I did the initial 95% of the master for that SS version over at the RPF and yet I agree with your opinion on this! Something very cool about having one of these in the same scale at the regular 1/32 Viper kit, not to mention being more affordable and having a ton of fun converting the old kit. With the newly 'accuratized' styrene kit out, its getting harder to think of uses for the old kit- this is a perfect solution! Can't wait to see the final product!

Mark


----------



## Seashark (Mar 28, 2006)

Thanks Mark! 

I checked out your viper on the RPF (hard place to find) it's a beauty, well done! :thumbsup:

For anyone that is interested, here is a link to the build-up:


http://www.therpf.com/f10/tos-bsg-studio-scale-antique-viper-94363/


----------



## Bradleyfett (Jan 22, 2003)

Thanks man!

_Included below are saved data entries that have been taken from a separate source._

(* Every z ∈ D is u_L^* g u_K with L the L-class of z^* and K that of z: write z = u_L^* p
   and z = p' u_K in S^1, and peel u_L^* and u_K off again using e = 1_D. *)
Lemma sandwich_exists z : z \in D ->
  exists2 g, g \in GD D & z = sandwich (Lclass mul (star z)) g (Lclass mul z).
Proof.
move=> hz; set L := Lclass mul (star z); set K := Lclass mul z.
have hL : L \in LclassesIn mul D by apply: Lclass_LclassesIn; rewrite star_D.
have hK : K \in LclassesIn mul D by apply: Lclass_LclassesIn.
have /andP[/leRP[p Ep] /leRP[t Et]] : Rrel mul z (star (u L)).
  by rewrite -[z]starK Rrel_star; have := u_in hL; rewrite inE.
have /andP[/leLP[p' Ep'] /leLP[t' Et']] : Lrel mul z (u K).
  by have := u_in hK; rewrite inE.
have aLD := star_u_LD hL; have bLDs := u_LDs hK.
have := aLD; rewrite mem_LD => /andP[/leLP[r Er] _].
have := bLDs; rewrite mem_LDs => /andP[/leRP[q Eq] _].
set a := star (u L) in Er Ep Et aLD *; set b := u K in Eq Ep' Et' bLDs *.
have I1 : rmulo a r ⋅ z = z.
  by rewrite {2}Ep {1}Ep -(rmuloM mulA) -(mul_lmulo mulA) -Er LD_mul_one.
have I2 : rmulo z q ⋅ b = z.
  by rewrite -(mul_lmulo mulA) {1}Ep' -(lmuloM mulA) (mul_lmulo mulA) -Eq one_mul_LDs // -Ep'.
set g := lmulo r (rmulo z q).
have Ez : z = a ⋅ g ⋅ b by rewrite /g (mul_lmulo mulA) -(rmuloM mulA) I1 I2.
have eg : e ⋅ g = g by rewrite /g Er -(lmuloM mulA) (mul_lmulo mulA) -(rmuloM mulA) I1.
have ge : g ⋅ e = g by rewrite /g -(lmuloM mulA) Eq -(rmuloM mulA) I2.
exists g => //.
rewrite inE mem_LD mem_LDs /Lrel /Rrel; apply/andP; split; apply/andP; split.
- apply/leLP; exists (Some (lmulo t' a)) => /=.
  by rewrite Eq Et' Ez !(lmuloM mulA) (rmuloM mulA) -Eq -mulA ge.
- by apply/leLP; exists (Some g) => /=; rewrite ge.
- apply/leRP; exists (Some (rmulo b t)) => /=.
  by rewrite Er Et Ez (rmuloM mulA) !(lmuloM mulA) -Er eg.
- by apply/leRP; exists (Some g) => /=; rewrite eg.
Qed.

Lemma LD_factor y : y \in LD D ->
  exists2 h, h \in GD D & y = star (u (Lclass mul (star y))) ⋅ h.
Proof.
move=> hy; have [g hg Ey] := sandwich_exists (LD_sub hy).
have hK : Lclass mul y \in LclassesIn mul D by apply/Lclass_LclassesIn/LD_sub.
have uG : u (Lclass mul y) \in GD D.
  rewrite inE u_LDs // andbT mem_LD.
  by apply: (Lrel_trans mulA (y := y)); [rewrite -mem_LD | have := u_in hK; rewrite inE].
by exists (g ⋅ u (Lclass mul y)); rewrite ?mul_GD // {1}Ey /sandwich mulA.
Qed.

End OneDclass.

Definition gcoord z := odflt z [pick g in GD (Dclass mul z) |
   z == sandwich (Lclass mul (star z)) g (Lclass mul z)].

Lemma gcoord_spec z : gcoord z \in GD (Dclass mul z) /\
   z = sandwich (Lclass mul (star z)) (gcoord z) (Lclass mul z).
Proof.
have [g hg Eg] := sandwich_exists (Dclass_Dclasses mul z) (mem_Dclass mulA z).
rewrite /gcoord; case: pickP => [k /andP[hk /eqP Ek]|H] //=.
by move: (H g); rewrite hg -Eg eqxx.
Qed.

Lemma sandwich_coords D L K g : D \in Dclasses mul -> L \in LclassesIn mul D ->
  K \in LclassesIn mul D -> g \in GD D ->
  [/\ Dclass mul (sandwich L g K) = D, Lclass mul (star (sandwich L g K)) = L,
      Lclass mul (sandwich L g K) = K & gcoord (sandwich L g K) = g].
Proof.
move=> hD hL hK hg.
have ED : Dclass mul (sandwich L g K) = D by rewrite -(DclassesP mulA hD (sandwich_D hD hL hK hg)).
have EL := Lclass_star_sandwich hD hL hK hg; have EK := Lclass_sandwich hD hL hK hg.
split => //; have [h1 h2] := gcoord_spec (sandwich L g K); rewrite ED EL EK in h1 h2.
by apply: (sandwich_inj hD hL hK) => //; rewrite -h2.
Qed.

(** * The cellular basis of R^alpha[S] *)

Variables (R : comPzRingType) (alpha : S -> S -> R)
  (A1 : forall x y, alpha x y = alpha (star y) (star x)).
Variables (beta : {set S} -> S -> S -> R)
  (A3 : forall D, D \in Dclasses mul ->
     let L := LD D in let Ls := LDs D in
     [/\ (forall x y, x \in L -> y \in Ls -> is_unit (beta D x y)),
         (forall x y z, x \in L -> y \in Ls -> x ⋅ y \in L -> z \in Ls ->
             y ⋅ z \in Ls -> y \in L ->
             beta D x y * beta D (x ⋅ y) z = beta D x (y ⋅ z) * beta D y z),
         (forall x y z, x ⋅ y \in L -> z \in Ls -> y \in L ->
             alpha x y * beta D (x ⋅ y) z = alpha x (y ⋅ z) * beta D y z)
       & (forall x y, x \in L -> y \in Ls -> star y \in L -> star x \in Ls ->
             beta D x y = beta D (star y) (star x))]).
Variables (Lam : finType) (LamD : {set S} -> {set Lam}) (leD : {set S} -> rel Lam)
  (Mt : finType) (MD : {set S} -> Lam -> {set Mt})
  (CD : {set S} -> Lam -> Mt -> Mt -> {ffun S -> R})
  (A4 : forall D, D \in Dclasses mul ->
     cellular (fun a : {ffun S -> R} => forall x, x \notin GD D -> a x = 0)
              (tmul mul (beta D)) (fstar star)
              (LamD D) (leD D) (MD D) (CD D)).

Since I found your post yesterday, I'm really thinking seriously about doing on of these (antique viper based on the Revellogram kit).

As much as I love the bigger studio scale Vipers (and variants), I still love the old smaller Viper kits- hard to beat the clean lines. Keep posting pics of yours!

M


----------



## kdaracal (Jan 24, 2009)

Seashark,
This is turning out super nice. Really great scratch work. Looks accurate to a "T". Thanks for showing this! Please keep us updated. Can't wait to see the finals......!!


----------



## Bradleyfett (Jan 22, 2003)

Seashark-
Before you strain you eyes trying to figure out what you're seeing, I need to tell you that those are two different models you are looking at in this picture:










The one on the black background is different from the one on the white. Both models were filmed, but they differ heavily in their details and even in the configuration of the bottom wing. The first model (black background) was stolen during production and a replacement model (white background) was built much more quickly for the remaining shots.


----------



## Seashark (Mar 28, 2006)

Bradleyfett-

Yeah, I had figured out a couple of weeks ago that those were two different models; the engine details not matching finally did it for me. It's good to get confirmation and the full story, thanks! 

________________________________________________________________

I'll just give a general update, I got stalled-out on this one; so I'll be packing it away for now. I'll update when I have something interesting to report. Thanks for looking everyone!


----------